[Items listed in a dataset]
━━━━━━━━━━━━━━━━━━━━━━━━━━━━━━
(* Let $n\ge2$ and let $A=(a_{ij})$ be a real $n\times n$ matrix, and $q>0$. Then $$|A_q|=\frac{|(A^1_1)_q|\,|(A^n_n)_q|-q^{\,n-1}\,|(A^1_n)_q|\,|(A^n_1)_q|}{|(A^{1n}_{1n})_q|},$$ provided $|(A^{1n}_{1n})_q|\ne0$.
   Context: $|\cdot|$ denotes the determinant, and the determinant of the empty $0\times0$ matrix is $1$. For an $m\times m$ matrix $M=(m_{ij})$ and $q>0$, $M_q=(q^{(i-j)^2/2}m_{ij})_{i,j=1}^m$, where indices are always the positions $1,\dots,m$ in $M$. $A^i_j$ denotes the $(n-1)\times(n-1)$ matrix obtained from $A$ by deleting row $i$ and column $j$ (reindexed from $1$), and $A^{1n}_{1n}$ the $(n-2)\times(n-2)$ matrix obtained by deleting rows $1,n$ and columns $1,n$. *)

(* Real numbers are modelled by an arbitrary real closed field R. *)
From HB Require Import structures.
From mathcomp Require Import all_boot all_order all_algebra.
Set Implicit Arguments. Unset Strict Implicit. Unset Printing Implicit Defensive.
Import Order.TTheory GRing.Theory Num.Theory.
Local Open Scope ring_scope.

Definition natdist (i j : nat) : nat := if (i <= j)%N then (j - i)%N else (i - j)%N.

(* M_q = (q^{(i-j)^2/2} m_ij); q^{k/2} is written (sqrt q)^k. *)
Definition qmx (R : rcfType) (m : nat) (q : R) (M : 'M[R]_m) : 'M[R]_m :=
  \matrix_(i < m, j < m) (Num.sqrt q ^+ (natdist i j ^ 2)%N * M i j).

(* For an (n+2)x(n+2) matrix A, the minors used in the statement. Positions
   1 and n of the paper are ord0 and ord_max (0-based). *)
Definition minor (R : rcfType) (m : nat) (A : 'M[R]_m.+1) (i j : 'I_m.+1) : 'M[R]_m :=
  row' i (col' j A).

Definition minor1n (R : rcfType) (m : nat) (A : 'M[R]_m.+2) : 'M[R]_m :=
  row' ord0 (col' ord0 (row' ord_max (col' ord_max A))).

From HB Require Import structures.
From mathcomp Require Import all_boot all_order all_algebra ring zify.
From mathcomp Require Import fingroup perm.
Import Order.TTheory GRing.Theory Num.Theory.
Local Open Scope ring_scope.
Set Implicit Arguments. Unset Strict Implicit. Unset Printing Implicit Defensive.

(* The theorem is the Desnanot-Jacobi (Dodgson condensation) identity
     |B| |B^{1n}_{1n}| = |B^1_1| |B^n_n| - |B^1_n| |B^n_1|
   applied to B = A_q, combined with the way the q-weighting interacts with
   the four corner minors.
   - Desnanot-Jacobi is proved over an arbitrary field, assuming the inner
     minor D = B^{1n}_{1n} is invertible, via Schur complements: reordering
     rows and columns as (1, n, 2..n-1) puts D in the lower right corner, so
     |B| = |S| |D| for the 2x2 Schur complement S = (s_ab), a, b in {1, n};
     each (n-1)x(n-1) corner minor, reordered likewise, is a matrix bordered
     by one row a and one column b around D, whose determinant is s_ab |D|.
   - Deleting row and column 1 (or row and column n) of A commutes with the
     weighting M |-> M_q, while for the off-diagonal minors the weights differ
     by diagonal factors q^{(2i+1)/2} and q^{j}, which give
     |(A_q)^1_n| = q^{(n-1)/2} |(A^1_n)_q| and likewise for (A_q)^n_1.
   The main theorem then follows by dividing by |D| = |(A^{1n}_{1n})_q|. *)

Lemma det_mxsub_perm (F : comUnitRingType) (n : nat) (f g : 'I_n -> 'I_n)
    (f_inj : injective f) (g_inj : injective g) (M : 'M[F]_n) :
  \det (mxsub f g M) = (-1) ^+ perm f_inj * (-1) ^+ perm g_inj * \det M.
Proof.
have -> : mxsub f g M = perm_mx (perm f_inj) *m M *m perm_mx (perm g_inj)^-1.
  by rewrite -row_permE -col_permE; apply/matrixP => i j; rewrite !mxE !permE.
by rewrite !det_mulmx !det_perm odd_permV mulrAC.
Qed.

Lemma det_mxsub_conj (F : comUnitRingType) (n : nat) (f : 'I_n -> 'I_n)
    (f_inj : injective f) (M : 'M[F]_n) :
  \det (mxsub f f M) = \det M.
Proof. by rewrite det_mxsub_perm -expr2 sqrr_sign mul1r. Qed.

Lemma det_schur (F : fieldType) (n1 n2 : nat) (M : 'M[F]_(n1 + n2)) :
  \det (drsubmx M) != 0 ->
  \det M = \det (ulsubmx M - ursubmx M *m invmx (drsubmx M) *m dlsubmx M)
           * \det (drsubmx M).
Proof.
set P := ulsubmx M; set U := ursubmx M; set L := dlsubmx M; set D := drsubmx M.
move=> detD_neq0; have D_unit : D \in unitmx by rewrite unitmxE unitfE.
have -> : M = block_mx 1%:M (U *m invmx D) 0 1%:M
              *m block_mx (P - U *m invmx D *m L) 0 L D.
  rewrite mulmx_block !mul1mx !mul0mx !add0r subrK -mulmxA (mulVmx D_unit).
  by rewrite mulmx1 submxK.
by rewrite det_mulmx det_ublock det_lblock !det1 !mul1r.
Qed.

Lemma det_mx22 (F : comUnitRingType) (M : 'M[F]_2) :
  \det M = M 0 0 * M 1 1 - M 0 1 * M 1 0.
Proof.
rewrite (expand_det_row _ 0) !big_ord_recl big_ord0 addr0 /cofactor !det_mx11.
rewrite !mxE /= expr0 expr1 !mul1r mulN1r mulrN.
by congr (M _ _ * M _ _ - M _ _ * M _ _); apply: val_inj.
Qed.

(* In a product of two minors reordered by (f, g) and by (g, f) the signs
   cancel; this handles the two off-diagonal corner minors together. *)
Lemma det_mxsub_pair (F : comUnitRingType) (n : nat) (f g : 'I_n -> 'I_n)
    (f_inj : injective f) (g_inj : injective g) (M N : 'M[F]_n) :
  \det (mxsub f g M) * \det (mxsub g f N) = \det M * \det N.
Proof.
rewrite !det_mxsub_perm; set sf := (-1) ^+ _; set sg := (-1) ^+ _.
have sq_sign (s : bool) : (-1) ^+ s * (-1) ^+ s = 1 :> F by rewrite -expr2 sqrr_sign.
transitivity ((sf * sf) * (sg * sg) * (\det M * \det N)); first by ring.
by rewrite !sq_sign !mul1r.
Qed.

(* If N_ij s^{2j} = s^{2i+1} M_ij entrywise, then N = D1 M D2^-1 for diagonal
   D1, D2 whose determinants differ by s^n, so |N| = s^n |M|. *)
Lemma det_weighted_shift (F : fieldType) (n : nat) (s : F) (M N : 'M[F]_n) :
  s != 0 -> (forall i j : 'I_n, s ^+ (2 * i + 1) * M i j = N i j * s ^+ (2 * j)) ->
  \det N = s ^+ n * \det M.
Proof.
move=> s_neq0 weight_eq.
pose even_pow := \row_(i < n) s ^+ (2 * i).
pose odd_pow := \row_(i < n) s ^+ (2 * i + 1).
have mx_eq : diag_mx odd_pow *m M = N *m diag_mx even_pow.
  by apply/matrixP => i j; rewrite mul_diag_mx mul_mx_diag !mxE.
have even_prod_neq0 : \prod_(i < n) even_pow 0 i != 0.
  by apply/prodf_neq0 => i _; rewrite mxE expf_neq0.
have odd_prod : \prod_(i < n) odd_pow 0 i = (\prod_(i < n) even_pow 0 i) * s ^+ n.
  rewrite -[in s ^+ n](card_ord n) -prodr_const -big_split /=.
  by apply: eq_bigr => i _; rewrite !mxE exprD.
have := congr1 determinant mx_eq; rewrite !det_mulmx !det_diag odd_prod.
by move=> det_eq; apply: (mulIf even_prod_neq0); rewrite -det_eq; ring.
Qed.

(* The minor of size m+1 or the whole matrix
   is reordered so that the inner positions come last, as blocks of size
   1 + m or 2 + m. *)
Section Reindexing.
Variable m : nat.

Definition inner_idx (k : 'I_m) : 'I_m.+2 := lift ord_max (lift ord0 k).
Arguments inner_idx : simpl never.

Definition border_idx (a : 'I_m.+2) (i : 'I_(1 + m)) : 'I_m.+2 :=
  match split i with inl _ => a | inr k => inner_idx k end.

Definition corner_idx (i : 'I_(2 + m)) : 'I_m.+2 :=
  match split i with
  | inl c => if c == ord0 then ord0 else ord_max
  | inr k => inner_idx k
  end.

(* In a minor of size m+1 indexed by 0..m: the last position followed by
   0..m-1; this turns the minor without row/column 0 into bordered form. *)
Definition rot_idx (i : 'I_(1 + m)) : 'I_m.+1 :=
  match split i with inl _ => ord_max | inr k => widen_ord (leqnSn m) k end.

Lemma val_inner_idx (k : 'I_m) : inner_idx k = k.+1 :> nat.
Proof. by rewrite /inner_idx /= /bump leq0n /= ltnS leqNgt ltn_ord. Qed.

Lemma border_idx_lshift (a : 'I_m.+2) (c : 'I_1) : border_idx a (lshift m c) = a.
Proof. by rewrite /border_idx (unsplitK (inl c)). Qed.

Lemma border_idx_rshift (a : 'I_m.+2) (k : 'I_m) :
  border_idx a (rshift 1 k) = inner_idx k.
Proof. by rewrite /border_idx (unsplitK (inr k)). Qed.

Lemma corner_idx_lshift (c : 'I_2) :
  corner_idx (lshift m c) = if c == ord0 then ord0 else ord_max.
Proof. by rewrite /corner_idx (unsplitK (inl c)). Qed.

Lemma corner_idx_rshift (k : 'I_m) : corner_idx (rshift 2 k) = inner_idx k.
Proof. by rewrite /corner_idx (unsplitK (inr k)). Qed.

Lemma border_idx_max (i : 'I_(1 + m)) :
  border_idx ord_max i = lift ord0 (rot_idx i).
Proof.
rewrite /border_idx /rot_idx; case: (split i) => [_|k]; apply: val_inj.
  by rewrite /= /bump.
by rewrite [LHS]val_inner_idx /= /bump.
Qed.

Lemma border_idx_0 (i : 'I_(1 + m)) : border_idx ord0 i = lift ord_max i.
Proof.
rewrite /border_idx; case: splitP => [c|k] /= i_val; apply: val_inj.
  by rewrite /= /bump i_val (ord1 c).
by rewrite [LHS]val_inner_idx /= /bump i_val leq_add2l leqNgt ltn_ord.
Qed.

Lemma val_corner_idx (i : 'I_(2 + m)) : corner_idx i =
  (if i == 0 :> nat then 0 else if i == 1 :> nat then m.+1 else i.-1)%N :> nat.
Proof.
rewrite /corner_idx; case: splitP => [c|k] i_val; rewrite i_val.
  by case: c {i_val} => [[|[|c]] //].
by rewrite val_inner_idx.
Qed.

Lemma val_rot_idx (i : 'I_(1 + m)) :
  rot_idx i = (if i == 0 :> nat then m else i.-1)%N :> nat.
Proof. by rewrite /rot_idx; case: splitP => [c|k] ->; rewrite ?(ord1 c). Qed.

Lemma corner_idx_inj : injective corner_idx.
Proof.
move=> i j /(congr1 (@nat_of_ord _)); rewrite !val_corner_idx => eq_ij.
apply/val_inj => /=.
have := ltn_ord i; have := ltn_ord j.
by move: eq_ij; repeat (case: ifP => /eqP ?); lia.
Qed.

Lemma rot_idx_inj : injective rot_idx.
Proof.
move=> i j /(congr1 (@nat_of_ord _)); rewrite !val_rot_idx => eq_ij.
apply/val_inj => /=.
have := ltn_ord i; have := ltn_ord j.
by move: eq_ij; repeat (case: ifP => /eqP ?); lia.
Qed.
End Reindexing.

Section DesnanotJacobi.
Variables (F : fieldType) (m : nat) (B : 'M[F]_m.+2).

Local Notation inner := (row' ord0 (col' ord0 (row' ord_max (col' ord_max B)))).

Definition inner_row (a : 'I_m.+2) : 'rV[F]_m := \row_k B a (inner_idx k).
Definition inner_col (b : 'I_m.+2) : 'cV[F]_m := \col_k B (inner_idx k) b.

Definition schur_entry (a b : 'I_m.+2) : F :=
  B a b - (inner_row a *m invmx inner *m inner_col b) 0 0.

Definition bordered (a b : 'I_m.+2) : 'M[F]_(1 + m) :=
  mxsub (border_idx a) (border_idx b) B.

Hypothesis inner_det_neq0 : \det inner != 0.

(* A bordered inner minor has determinant s_ab |D| (1x1 Schur complement). *)
Lemma det_bordered (a b : 'I_m.+2) :
  \det (bordered a b) = schur_entry a b * \det inner.
Proof.
have inner_blk : drsubmx (bordered a b) = inner.
  by apply/matrixP => i j; rewrite !mxE !border_idx_rshift.
have row_blk : ursubmx (bordered a b) = inner_row a.
  by apply/matrixP => i j; rewrite !mxE (ord1 i) border_idx_lshift border_idx_rshift.
have col_blk : dlsubmx (bordered a b) = inner_col b.
  by apply/matrixP => i j; rewrite !mxE (ord1 j) border_idx_lshift border_idx_rshift.
rewrite det_schur inner_blk // row_blk col_blk det_mx11.
rewrite [in LHS]mxE [ulsubmx _ _ _]mxE mxE [bordered _ _ _ _]mxE mxE.
by rewrite !border_idx_lshift.
Qed.

Lemma det_by_corners :
  \det B = (schur_entry ord0 ord0 * schur_entry ord_max ord_max
            - schur_entry ord0 ord_max * schur_entry ord_max ord0) * \det inner.
Proof.
pose X : 'M_(2 + m) := mxsub (@corner_idx m) (@corner_idx m) B.
have inner_blk : drsubmx X = inner.
  by apply/matrixP => i j; rewrite !mxE !corner_idx_rshift.
have schur_blk c d : (ulsubmx X - ursubmx X *m invmx inner *m dlsubmx X) c d
    = schur_entry (corner_idx (lshift m c)) (corner_idx (lshift m d)).
  rewrite /schur_entry !mxE; congr (_ - _); apply: eq_bigr => k _.
  rewrite !mxE corner_idx_rshift; congr (_ * _); apply: eq_bigr => l _.
  by rewrite !mxE corner_idx_rshift.
have -> : \det B = \det X := esym (det_mxsub_conj (@corner_idx_inj m) B).
rewrite det_schur inner_blk //.
by rewrite det_mx22 !schur_blk !corner_idx_lshift.
Qed.

Lemma det_minor_last_last :
  \det (row' ord_max (col' ord_max B)) = \det (bordered ord0 ord0).
Proof. by congr (\det _); apply/matrixP => i j; rewrite !mxE !border_idx_0. Qed.

Lemma det_minor_first_first :
  \det (row' ord0 (col' ord0 B)) = \det (bordered ord_max ord_max).
Proof.
rewrite -(det_mxsub_conj (@rot_idx_inj m)); congr (\det _).
by apply/matrixP => i j; rewrite !mxE !border_idx_max.
Qed.

Lemma det_minor_cross :
  \det (row' ord0 (col' ord_max B)) * \det (row' ord_max (col' ord0 B))
  = \det (bordered ord_max ord0) * \det (bordered ord0 ord_max).
Proof.
rewrite -(det_mxsub_pair (@rot_idx_inj m) (@inj_id _)); congr (_ * _); congr (\det _).
  by apply/matrixP => i j; rewrite !mxE border_idx_max border_idx_0.
by apply/matrixP => i j; rewrite !mxE border_idx_max border_idx_0.
Qed.

Theorem desnanot_jacobi :
  \det B * \det inner =
  \det (row' ord0 (col' ord0 B)) * \det (row' ord_max (col' ord_max B))
  - \det (row' ord0 (col' ord_max B)) * \det (row' ord_max (col' ord0 B)).
Proof.
rewrite det_by_corners det_minor_first_first det_minor_last_last det_minor_cross.
by rewrite !det_bordered; ring.
Qed.
End DesnanotJacobi.

Lemma natdist_succ (i j : nat) : natdist i.+1 j.+1 = natdist i j.
Proof. by rewrite /natdist ltnS subSS. Qed.

Lemma natdist_sq_row_shift (i j : nat) :
  (2 * i + 1 + natdist i j ^ 2 = natdist i.+1 j ^ 2 + 2 * j)%N.
Proof. by rewrite /natdist; case: ifP => ?; case: ifP => ?; nia. Qed.

Lemma natdist_sym (i j : nat) : natdist i j = natdist j i.
Proof. by rewrite /natdist; case: ifP => ?; case: ifP => ?; lia. Qed.

Section QWeight.
Variables (R : rcfType) (m : nat) (A : 'M[R]_m.+2) (q : R).

(* Deleting both the first row and column, or both the last ones, commutes
   with the weighting, since the differences i - j are unchanged. *)
Lemma qmx_minor_first_first :
  qmx q (minor A ord0 ord0) = row' ord0 (col' ord0 (qmx q A)).
Proof. by apply/matrixP => i j; rewrite !mxE !lift0 natdist_succ. Qed.

Lemma qmx_minor_last_last :
  qmx q (minor A ord_max ord_max) = row' ord_max (col' ord_max (qmx q A)).
Proof. by apply/matrixP => i j; rewrite !mxE !lift_max. Qed.

Lemma qmx_minor1n : qmx q (minor1n A) = minor1n (qmx q A).
Proof. by apply/matrixP => i j; rewrite !mxE !lift_max !lift0 natdist_succ. Qed.

Hypothesis q_gt0 : 0 < q.

Lemma sqrt_q_neq0 : Num.sqrt q != 0.
Proof. by rewrite gt_eqF // sqrtr_gt0. Qed.

(* Off-diagonal minors: the weights are shifted by one row or column,
   which costs a factor sqrt(q)^(m+1) in the determinant. *)
Lemma det_minor_first_last_qmx :
  \det (row' ord0 (col' ord_max (qmx q A)))
  = Num.sqrt q ^+ m.+1 * \det (qmx q (minor A ord0 ord_max)).
Proof.
apply: det_weighted_shift sqrt_q_neq0 _ => i j.
by rewrite !mxE !lift0 !lift_max mulrA -exprD natdist_sq_row_shift exprD mulrAC.
Qed.

Lemma det_minor_last_first_qmx :
  \det (row' ord_max (col' ord0 (qmx q A)))
  = Num.sqrt q ^+ m.+1 * \det (qmx q (minor A ord_max ord0)).
Proof.
rewrite -det_tr -[X in _ * X]det_tr; apply: det_weighted_shift sqrt_q_neq0 _ => i j.
rewrite !mxE !lift0 !lift_max mulrA -exprD (natdist_sym j) (natdist_sym j).
by rewrite natdist_sq_row_shift exprD mulrAC.
Qed.

Lemma qmx_cross_term :
  q ^+ m.+1 * \det (qmx q (minor A ord0 ord_max)) * \det (qmx q (minor A ord_max ord0))
  = \det (row' ord0 (col' ord_max (qmx q A)))
    * \det (row' ord_max (col' ord0 (qmx q A))).
Proof.
have q_sq : q = Num.sqrt q ^+ 2 by rewrite sqr_sqrtr // ltW.
rewrite det_minor_first_last_qmx det_minor_last_first_qmx {1}q_sq -exprM mulnC exprM.
by rewrite expr2; ring.
Qed.
End QWeight.

Theorem mainTheorem15 (R : rcfType) (m : nat) (A : 'M[R]_m.+2) (q : R)
  (hq : 0 < q)
  (hden : \det (qmx q (minor1n A)) != 0) :
  \det (qmx q A) =
    (\det (qmx q (minor A ord0 ord0)) * \det (qmx q (minor A ord_max ord_max))
     - q ^+ m.+1 * \det (qmx q (minor A ord0 ord_max))
                 * \det (qmx q (minor A ord_max ord0)))
    / \det (qmx q (minor1n A)).
Proof.
rewrite qmx_cross_term // qmx_minor_first_first qmx_minor_last_last.
by rewrite -desnanot_jacobi -/(minor1n (qmx q A)) -qmx_minor1n ?mulfK.
Qed.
━━━━━━━━━━━━━━━━━━━━━━━━━━━━━━
**TASK GOAL**
From the records above, quote only the lines running from the line with "have col_blk : dlsubmx" to the line with "have schur_blk c", both lines included.

**RESPONSE AREA**
have col_blk : dlsubmx (bordered a b) = inner_col b.
  by apply/matrixP => i j; rewrite !mxE (ord1 j) border_idx_lshift border_idx_rshift.
rewrite det_schur inner_blk // row_blk col_blk det_mx11.
rewrite [in LHS]mxE [ulsubmx _ _ _]mxE mxE [bordered _ _ _ _]mxE mxE.
by rewrite !border_idx_lshift.
Qed.

Lemma det_by_corners :
  \det B = (schur_entry ord0 ord0 * schur_entry ord_max ord_max
            - schur_entry ord0 ord_max * schur_entry ord_max ord0) * \det inner.
Proof.
pose X : 'M_(2 + m) := mxsub (@corner_idx m) (@corner_idx m) B.
have inner_blk : drsubmx X = inner.
  by apply/matrixP => i j; rewrite !mxE !corner_idx_rshift.
have schur_blk c d : (ulsubmx X - ursubmx X *m invmx inner *m dlsubmx X) c d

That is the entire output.